In the end shall Christians become Jews and Jews, Christians? On Franz Rosenzweig's apocalyptic eschatology
Cross Currents, Wntr, 2004 by Gregory Kaplan
The dislocation of Jewish heart and Jewish body is an internal struggle that mirrors the battle (to the death?) of Judaism and Christianity (over paganism, as I suggest below). For the People Israel, creation and redemption fold in on the point of revelation. (49) Yet this point squeezes out the living, breathing Jewish individual who remains no less pagan because earthly, no less Christian because historical. (50) In other words, the strict identification of beginning and ending (within Judaism) correlates a metaphysical fullness with an ontic emptiness. (51) This position resembles the philosopher Edith Wyschogrod's characterization of a "forward-looking romantic apocalypticism" which converts the plenitude of God's creative actuality into the void of infinite redemptive possibility. In its proleptic fulfillment of redemption the Jewish People adumbrates a fundamental lack or abyss; it collapses past and future into the present instant and empties reality of its being. As theologian Thomas J.J. Altizer unpacks the modern apocalyptic, "a universal consciousness can fully realize itself objectively and actually only by negating its own subjective ground or center.... Death is objectively meaningless and insignificant. But it is subjectively more real than ever, and thereby death becomes the one and only portal to a full and final subjective fulfillment." (52) Inasmuch as death completely saturates life, with 'the end of the world' as it is experienced presently (by the People Israel, for Rosenzweig), it paradoxically fills being with nothing. Wyschogrod comments: "It is as total presence that we encounter this abyss and name it in the only way possible, through silence." (53) So too in Rosenzweig's view the Jewish plenum reaches its apex in the congregation's silent prostration before God on Yom Kippur. (54) Therefore, it seems as if the Jewish People is the non-existent sign which de-negates mortal existence with its historical machinations and geographical adaptations. And this affords the ultimate denegation, or negation that denies itself, of life by death.
To sum up, Rosenzweig's modern apocalyptic vision has two distinct but related features: (1) the difference between people and individual; and (2) the pathos of Jewish dislocation from a world of Christian messianic expansion. We might say that, for Rosenzweig, the individual Jewish body is the dialectical negative of the collective Jewish soul taken up and living eternally in the "people Israel." If, therefore, Judaism straddles history and eternity, it is the body that suffers from its historical dislocation and vulnerability to Christian expansionism whereas it is the people as 'soul' which is the bearer of a realized eschatology.
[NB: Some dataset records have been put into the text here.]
(* Write r = s + 2.  Take s + 2 disjoint triangles with vertices coloured 0, 1, 2, and
   for each colour j an independent set B_j of s vertices, each joined to the
   colour-j vertex of every triangle.  The triangle vertices A cover all edges and
   B = B_0 + B_1 + B_2 is independent, so summing the degrees of a t-factor F over A
   and over B gives 3(s+2)t = 3st + 2 e_F(A), i.e. e_F(A) = 3t.  If F meets each of
   the s + 2 triangles, e_F(A) >= s + 2 = r.  For r-connectivity, a set of fewer than
   r vertices misses some whole triangle, and every other surviving vertex reaches it. *)

Lemma connect_homo (T U : finType) (e1 : rel T) (e2 : rel U) (h : T -> U) x y :
  (forall a b, e1 a b -> e2 (h a) (h b)) -> connect e1 x y -> connect e2 (h x) (h y).
Proof.
move=> he /connectP [p]; elim: p x => [|z p IHp] x /=; first by move=> _ ->.
by case/andP=> exz pz yE; apply: connect_trans (connect1 (he _ _ exz)) (IHp _ pz yE).
Qed.

Lemma exists_notin (T : finType) (A : {set T}) : #|A| < #|T| -> exists x, x \notin A.
Proof.
move=> A_small; have : 0 < #|~: A| by move: A_small; rewrite -(cardsC A); lia.
by case/card_gt0P=> x; rewrite inE; exists x.
Qed.

Lemma card_sum_set (A B : finType) (P : pred (A + B)) :
  #|[set w | P w]| = #|[set a | P (inl a)]| + #|[set b | P (inr b)]|.
Proof.
by rewrite -!sum1_card big_sumType; congr (_ + _); apply: eq_bigl => x; rewrite !inE.
Qed.

Section Relabel.
Variables (T U : finType) (h : T -> U).
Hypothesis h_inj : injective h.

Definition relabel (D : {set {set T}}) : {set {set U}} := [set h @: E | E : {set T} in D].

Lemma mem_relabel D (E : {set T}) : (h @: E \in relabel D) = (E \in D).
Proof. by rewrite mem_imset //; apply: imset_inj. Qed.

Lemma card_relabel D : #|relabel D| = #|D|.
Proof. by rewrite card_imset //; apply: imset_inj. Qed.

Lemma cover_relabel D : cover (relabel D) = h @: cover D.
Proof.
apply/setP => x; apply/bigcupP/imsetP.
  case=> _ /imsetP [E ED ->] /imsetP [y yE ->].
  by exists y => //; apply/bigcupP; exists E.
case=> y /bigcupP [E ED yE] ->; exists (h @: E); first by rewrite mem_relabel.
exact: imset_f.
Qed.

Lemma sdeg_relabel D v : sdeg (relabel D) (h v) = sdeg D v.
Proof.
rewrite /sdeg -(card_relabel [set E in D | v \in E]); apply: eq_card.
move=> E'; rewrite !inE; apply/andP/imsetP.
  case=> /imsetP [E ED ->]; rewrite mem_imset // => vE.
  by exists E; rewrite ?inE ?ED.
by case=> E /[!inE] /andP [ED vE] ->; rewrite mem_relabel mem_imset.
Qed.

Variables (e1 : rel T) (e2 : rel U).
Hypothesis h_homo : forall x y, e1 x y -> e2 (h x) (h y).

Lemma relabel_edges (D : {set {set T}}) : D \subset edges e1 -> relabel D \subset edges e2.
Proof.
move=> /subsetP sDe; apply/subsetP => E' /imsetP [E /sDe].
rewrite !inE => /existsP [x /existsP [y /andP [exy /eqP ->]]] ->.
apply/existsP; exists (h x); apply/existsP; exists (h y).
by rewrite h_homo // imsetU1 imset_set1 eqxx.
Qed.

Lemma odd_cycle_relabel O : is_odd_cycle e1 O -> is_odd_cycle e2 (relabel O).
Proof.
case=> [[sOe O_nz Odeg Oconn] Oodd]; split; last by rewrite card_relabel.
split; first exact: relabel_edges.
- by rewrite -card_gt0 card_relabel card_gt0.
- by move=> u; rewrite cover_relabel => /imsetP [v vO ->]; rewrite sdeg_relabel Odeg.
move=> u w; rewrite cover_relabel => /imsetP [x xO ->] /imsetP [y yO ->].
apply: connect_homo (Oconn _ _ xO yO) => a b /=.
by rewrite -mem_relabel imsetU1 imset_set1.
Qed.

End Relabel.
And yet the advent or even the prospect of the eschaton marks a 'complete Judaization' which is a full dissolution of the Jewish people as a distinctive people. (55)
In the end, for Rosenzweig, Christianity replaces paganism with Judaism, adapting Judaism to pagan environs. Judaism remains throughout supernal. But in historical time Christians increasingly take over the place of Jews. And once the proper time has arrived Jews will have served out their purpose as anticipatory. Moreover, the time must come, indeed, it is coming, since "what is not to come save in eternity will not come in all eternity." (56) The end of days is not a regulative idea, pace Hermann Cohen, an endlessly extended horizon towards which the Jewish People strives. Rather, it involves a violent struggle within Judaism, pitting Jew against Jew. In a pregnant 1924 comment on a poem by Judah Ha-Levi, Rosenzweig measures the value of "the false messiah" who, returning again and again, "divides ... those who have the strength of faith to be deceived, and those who have the strength of hope not to be deceived." This lasts "until the one time when it will be the reverse ... and the one who still belongs to the hopeful and not to the faithful ... risks the danger of being rejected." (57) Hope or faith--Jewish or Christian (?)--it is perhaps impossible to untangle. Consequently and paradoxically, the continually reenacted eschaton heralds the apocalyptic termination, even transposition, of liturgical Jewish people and, indeed, historical Christian individual as well as earthly pagan existence.